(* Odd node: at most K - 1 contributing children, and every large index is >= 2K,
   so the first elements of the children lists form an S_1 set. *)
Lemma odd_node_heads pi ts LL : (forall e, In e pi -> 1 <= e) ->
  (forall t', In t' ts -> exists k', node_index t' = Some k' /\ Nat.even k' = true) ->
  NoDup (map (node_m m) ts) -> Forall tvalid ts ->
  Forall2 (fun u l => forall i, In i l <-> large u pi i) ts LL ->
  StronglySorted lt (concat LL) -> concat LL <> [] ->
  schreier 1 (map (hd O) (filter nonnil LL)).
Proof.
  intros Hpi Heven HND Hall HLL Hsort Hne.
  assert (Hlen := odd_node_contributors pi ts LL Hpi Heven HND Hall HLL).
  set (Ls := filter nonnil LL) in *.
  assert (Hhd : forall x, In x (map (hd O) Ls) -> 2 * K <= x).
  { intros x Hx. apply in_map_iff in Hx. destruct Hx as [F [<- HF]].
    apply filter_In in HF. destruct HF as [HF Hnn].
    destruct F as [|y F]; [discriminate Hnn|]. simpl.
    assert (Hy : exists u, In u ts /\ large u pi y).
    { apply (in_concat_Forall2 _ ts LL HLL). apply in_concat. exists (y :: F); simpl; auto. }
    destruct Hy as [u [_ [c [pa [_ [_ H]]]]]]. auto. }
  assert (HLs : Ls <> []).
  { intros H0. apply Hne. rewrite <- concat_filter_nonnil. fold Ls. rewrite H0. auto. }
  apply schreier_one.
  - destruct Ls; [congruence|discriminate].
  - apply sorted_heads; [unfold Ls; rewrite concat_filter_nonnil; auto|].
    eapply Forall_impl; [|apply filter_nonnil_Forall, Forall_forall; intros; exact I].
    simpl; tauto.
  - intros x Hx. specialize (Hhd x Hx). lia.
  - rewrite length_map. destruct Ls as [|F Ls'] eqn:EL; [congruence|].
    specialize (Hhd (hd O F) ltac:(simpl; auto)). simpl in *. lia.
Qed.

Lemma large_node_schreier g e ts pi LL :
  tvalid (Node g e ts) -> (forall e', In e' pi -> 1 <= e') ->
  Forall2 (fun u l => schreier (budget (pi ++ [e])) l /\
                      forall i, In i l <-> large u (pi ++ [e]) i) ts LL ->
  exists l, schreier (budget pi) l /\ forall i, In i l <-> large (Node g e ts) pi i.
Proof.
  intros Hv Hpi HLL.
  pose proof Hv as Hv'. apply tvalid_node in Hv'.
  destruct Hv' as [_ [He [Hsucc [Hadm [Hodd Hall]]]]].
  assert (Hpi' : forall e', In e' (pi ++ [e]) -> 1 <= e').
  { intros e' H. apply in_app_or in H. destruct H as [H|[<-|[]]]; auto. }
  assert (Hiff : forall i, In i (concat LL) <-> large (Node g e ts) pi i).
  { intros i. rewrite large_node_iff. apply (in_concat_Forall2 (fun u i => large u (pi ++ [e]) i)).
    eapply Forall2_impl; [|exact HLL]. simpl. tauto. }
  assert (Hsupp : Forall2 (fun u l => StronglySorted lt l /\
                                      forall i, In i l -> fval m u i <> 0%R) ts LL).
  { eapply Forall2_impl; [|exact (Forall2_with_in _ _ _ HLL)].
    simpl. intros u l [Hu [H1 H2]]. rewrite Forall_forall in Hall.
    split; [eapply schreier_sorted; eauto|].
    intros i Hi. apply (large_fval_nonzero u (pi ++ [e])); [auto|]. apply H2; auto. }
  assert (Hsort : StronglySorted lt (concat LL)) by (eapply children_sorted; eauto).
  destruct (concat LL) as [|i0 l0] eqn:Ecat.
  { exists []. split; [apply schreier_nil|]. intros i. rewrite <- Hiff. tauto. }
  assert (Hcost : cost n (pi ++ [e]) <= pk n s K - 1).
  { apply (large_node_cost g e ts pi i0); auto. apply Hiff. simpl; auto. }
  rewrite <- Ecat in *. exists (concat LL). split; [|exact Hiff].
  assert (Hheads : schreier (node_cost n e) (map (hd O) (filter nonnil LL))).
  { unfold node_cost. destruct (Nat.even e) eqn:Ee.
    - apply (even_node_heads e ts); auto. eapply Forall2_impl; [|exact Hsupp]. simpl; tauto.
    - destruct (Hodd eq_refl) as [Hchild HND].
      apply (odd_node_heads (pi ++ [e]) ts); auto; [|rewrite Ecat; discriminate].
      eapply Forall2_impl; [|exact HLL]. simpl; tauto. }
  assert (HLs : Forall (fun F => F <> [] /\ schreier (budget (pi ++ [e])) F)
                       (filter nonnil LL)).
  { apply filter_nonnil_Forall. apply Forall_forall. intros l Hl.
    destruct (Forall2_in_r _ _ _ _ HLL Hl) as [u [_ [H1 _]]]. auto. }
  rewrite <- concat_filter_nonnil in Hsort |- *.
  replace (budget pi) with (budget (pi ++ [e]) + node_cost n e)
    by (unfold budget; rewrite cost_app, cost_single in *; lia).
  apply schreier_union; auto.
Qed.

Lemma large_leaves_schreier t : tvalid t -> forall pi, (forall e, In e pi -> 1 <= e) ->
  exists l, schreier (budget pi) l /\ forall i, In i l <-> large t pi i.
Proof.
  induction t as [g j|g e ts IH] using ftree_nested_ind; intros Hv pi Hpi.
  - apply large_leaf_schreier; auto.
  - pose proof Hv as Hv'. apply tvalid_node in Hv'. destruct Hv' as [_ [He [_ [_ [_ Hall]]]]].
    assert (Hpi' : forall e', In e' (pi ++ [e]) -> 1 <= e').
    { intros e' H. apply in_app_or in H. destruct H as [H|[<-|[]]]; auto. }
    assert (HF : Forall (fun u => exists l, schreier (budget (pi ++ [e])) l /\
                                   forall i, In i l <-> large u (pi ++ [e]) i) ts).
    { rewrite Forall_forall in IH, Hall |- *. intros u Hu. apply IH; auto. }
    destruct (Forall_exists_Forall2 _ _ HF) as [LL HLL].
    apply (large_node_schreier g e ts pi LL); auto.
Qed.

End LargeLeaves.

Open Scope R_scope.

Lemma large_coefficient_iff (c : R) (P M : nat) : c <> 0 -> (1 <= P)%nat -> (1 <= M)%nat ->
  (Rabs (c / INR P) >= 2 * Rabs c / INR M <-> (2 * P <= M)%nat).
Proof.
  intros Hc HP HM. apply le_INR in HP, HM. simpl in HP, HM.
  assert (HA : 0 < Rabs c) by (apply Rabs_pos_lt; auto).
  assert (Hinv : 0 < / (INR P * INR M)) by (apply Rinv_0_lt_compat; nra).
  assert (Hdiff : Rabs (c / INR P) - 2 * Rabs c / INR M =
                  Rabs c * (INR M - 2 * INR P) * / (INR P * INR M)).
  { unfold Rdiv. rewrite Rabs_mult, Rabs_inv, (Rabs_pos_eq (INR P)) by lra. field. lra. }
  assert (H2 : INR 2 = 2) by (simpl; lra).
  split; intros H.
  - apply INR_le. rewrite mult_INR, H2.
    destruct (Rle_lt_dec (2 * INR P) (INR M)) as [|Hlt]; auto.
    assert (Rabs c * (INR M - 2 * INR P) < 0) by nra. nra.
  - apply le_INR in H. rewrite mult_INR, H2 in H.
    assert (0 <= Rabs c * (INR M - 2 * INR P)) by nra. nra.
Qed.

^^^^^^^^^^^^^^^^

# Aim of the exercise
Write out the whole listing above, keeping each line exactly as it is.

# Response
(* Odd node: at most K - 1 contributing children, and every large index is >= 2K,
   so the first elements of the children lists form an S_1 set. *)
Lemma odd_node_heads pi ts LL : (forall e, In e pi -> 1 <= e) ->
  (forall t', In t' ts -> exists k', node_index t' = Some k' /\ Nat.even k' = true) ->
  NoDup (map (node_m m) ts) -> Forall tvalid ts ->
  Forall2 (fun u l => forall i, In i l <-> large u pi i) ts LL ->
  StronglySorted lt (concat LL) -> concat LL <> [] ->
  schreier 1 (map (hd O) (filter nonnil LL)).
Proof.
  intros Hpi Heven HND Hall HLL Hsort Hne.
  assert (Hlen := odd_node_contributors pi ts LL Hpi Heven HND Hall HLL).
  set (Ls := filter nonnil LL) in *.
  assert (Hhd : forall x, In x (map (hd O) Ls) -> 2 * K <= x).
  { intros x Hx. apply in_map_iff in Hx. destruct Hx as [F [<- HF]].
    apply filter_In in HF. destruct HF as [HF Hnn].
    destruct F as [|y F]; [discriminate Hnn|]. simpl.
    assert (Hy : exists u, In u ts /\ large u pi y).
    { apply (in_concat_Forall2 _ ts LL HLL). apply in_concat. exists (y :: F); simpl; auto. }
    destruct Hy as [u [_ [c [pa [_ [_ H]]]]]]. auto. }
  assert (HLs : Ls <> []).
  { intros H0. apply Hne. rewrite <- concat_filter_nonnil. fold Ls. rewrite H0. auto. }
  apply schreier_one.
  - destruct Ls; [congruence|discriminate].
  - apply sorted_heads; [unfold Ls; rewrite concat_filter_nonnil; auto|].
    eapply Forall_impl; [|apply filter_nonnil_Forall, Forall_forall; intros; exact I].
    simpl; tauto.
  - intros x Hx. specialize (Hhd x Hx). lia.
  - rewrite length_map. destruct Ls as [|F Ls'] eqn:EL; [congruence|].
    specialize (Hhd (hd O F) ltac:(simpl; auto)). simpl in *. lia.
Qed.

Lemma large_node_schreier g e ts pi LL :
  tvalid (Node g e ts) -> (forall e', In e' pi -> 1 <= e') ->
  Forall2 (fun u l => schreier (budget (pi ++ [e])) l /\
                      forall i, In i l <-> large u (pi ++ [e]) i) ts LL ->
  exists l, schreier (budget pi) l /\ forall i, In i l <-> large (Node g e ts) pi i.
Proof.
  intros Hv Hpi HLL.
  pose proof Hv as Hv'. apply tvalid_node in Hv'.
  destruct Hv' as [_ [He [Hsucc [Hadm [Hodd Hall]]]]].
  assert (Hpi' : forall e', In e' (pi ++ [e]) -> 1 <= e').
  { intros e' H. apply in_app_or in H. destruct H as [H|[<-|[]]]; auto. }
  assert (Hiff : forall i, In i (concat LL) <-> large (Node g e ts) pi i).
  { intros i. rewrite large_node_iff. apply (in_concat_Forall2 (fun u i => large u (pi ++ [e]) i)).
    eapply Forall2_impl; [|exact HLL]. simpl. tauto. }
  assert (Hsupp : Forall2 (fun u l => StronglySorted lt l /\
                                      forall i, In i l -> fval m u i <> 0%R) ts LL).
  { eapply Forall2_impl; [|exact (Forall2_with_in _ _ _ HLL)].
    simpl. intros u l [Hu [H1 H2]]. rewrite Forall_forall in Hall.
    split; [eapply schreier_sorted; eauto|].
    intros i Hi. apply (large_fval_nonzero u (pi ++ [e])); [auto|]. apply H2; auto. }
  assert (Hsort : StronglySorted lt (concat LL)) by (eapply children_sorted; eauto).
  destruct (concat LL) as [|i0 l0] eqn:Ecat.
  { exists []. split; [apply schreier_nil|]. intros i. rewrite <- Hiff. tauto. }
  assert (Hcost : cost n (pi ++ [e]) <= pk n s K - 1).
  { apply (large_node_cost g e ts pi i0); auto. apply Hiff. simpl; auto. }
  rewrite <- Ecat in *. exists (concat LL). split; [|exact Hiff].
  assert (Hheads : schreier (node_cost n e) (map (hd O) (filter nonnil LL))).
  { unfold node_cost. destruct (Nat.even e) eqn:Ee.
    - apply (even_node_heads e ts); auto. eapply Forall2_impl; [|exact Hsupp]. simpl; tauto.
    - destruct (Hodd eq_refl) as [Hchild HND].
      apply (odd_node_heads (pi ++ [e]) ts); auto; [|rewrite Ecat; discriminate].
      eapply Forall2_impl; [|exact HLL]. simpl; tauto. }
  assert (HLs : Forall (fun F => F <> [] /\ schreier (budget (pi ++ [e])) F)
                       (filter nonnil LL)).
  { apply filter_nonnil_Forall. apply Forall_forall. intros l Hl.
    destruct (Forall2_in_r _ _ _ _ HLL Hl) as [u [_ [H1 _]]]. auto. }
  rewrite <- concat_filter_nonnil in Hsort |- *.
  replace (budget pi) with (budget (pi ++ [e]) + node_cost n e)
    by (unfold budget; rewrite cost_app, cost_single in *; lia).
  apply schreier_union; auto.
Qed.

Lemma large_leaves_schreier t : tvalid t -> forall pi, (forall e, In e pi -> 1 <= e) ->
  exists l, schreier (budget pi) l /\ forall i, In i l <-> large t pi i.
Proof.
  induction t as [g j|g e ts IH] using ftree_nested_ind; intros Hv pi Hpi.
  - apply large_leaf_schreier; auto.
  - pose proof Hv as Hv'. apply tvalid_node in Hv'. destruct Hv' as [_ [He [_ [_ [_ Hall]]]]].
    assert (Hpi' : forall e', In e' (pi ++ [e]) -> 1 <= e').
    { intros e' H. apply in_app_or in H. destruct H as [H|[<-|[]]]; auto. }
    assert (HF : Forall (fun u => exists l, schreier (budget (pi ++ [e])) l /\
                                   forall i, In i l <-> large u (pi ++ [e]) i) ts).
    { rewrite Forall_forall in IH, Hall |- *. intros u Hu. apply IH; auto. }
    destruct (Forall_exists_Forall2 _ _ HF) as [LL HLL].
    apply (large_node_schreier g e ts pi LL); auto.
Qed.

End LargeLeaves.

Open Scope R_scope.

Lemma large_coefficient_iff (c : R) (P M : nat) : c <> 0 -> (1 <= P)%nat -> (1 <= M)%nat ->
  (Rabs (c / INR P) >= 2 * Rabs c / INR M <-> (2 * P <= M)%nat).
Proof.
  intros Hc HP HM. apply le_INR in HP, HM. simpl in HP, HM.
  assert (HA : 0 < Rabs c) by (apply Rabs_pos_lt; auto).
  assert (Hinv : 0 < / (INR P * INR M)) by (apply Rinv_0_lt_compat; nra).
  assert (Hdiff : Rabs (c / INR P) - 2 * Rabs c / INR M =
                  Rabs c * (INR M - 2 * INR P) * / (INR P * INR M)).
  { unfold Rdiv. rewrite Rabs_mult, Rabs_inv, (Rabs_pos_eq (INR P)) by lra. field. lra. }
  assert (H2 : INR 2 = 2) by (simpl; lra).
  split; intros H.
  - apply INR_le. rewrite mult_INR, H2.
    destruct (Rle_lt_dec (2 * INR P) (INR M)) as [|Hlt]; auto.
    assert (Rabs c * (INR M - 2 * INR P) < 0) by nra. nra.
  - apply le_INR in H. rewrite mult_INR, H2 in H.
    assert (0 <= Rabs c * (INR M - 2 * INR P)) by nra. nra.
Qed.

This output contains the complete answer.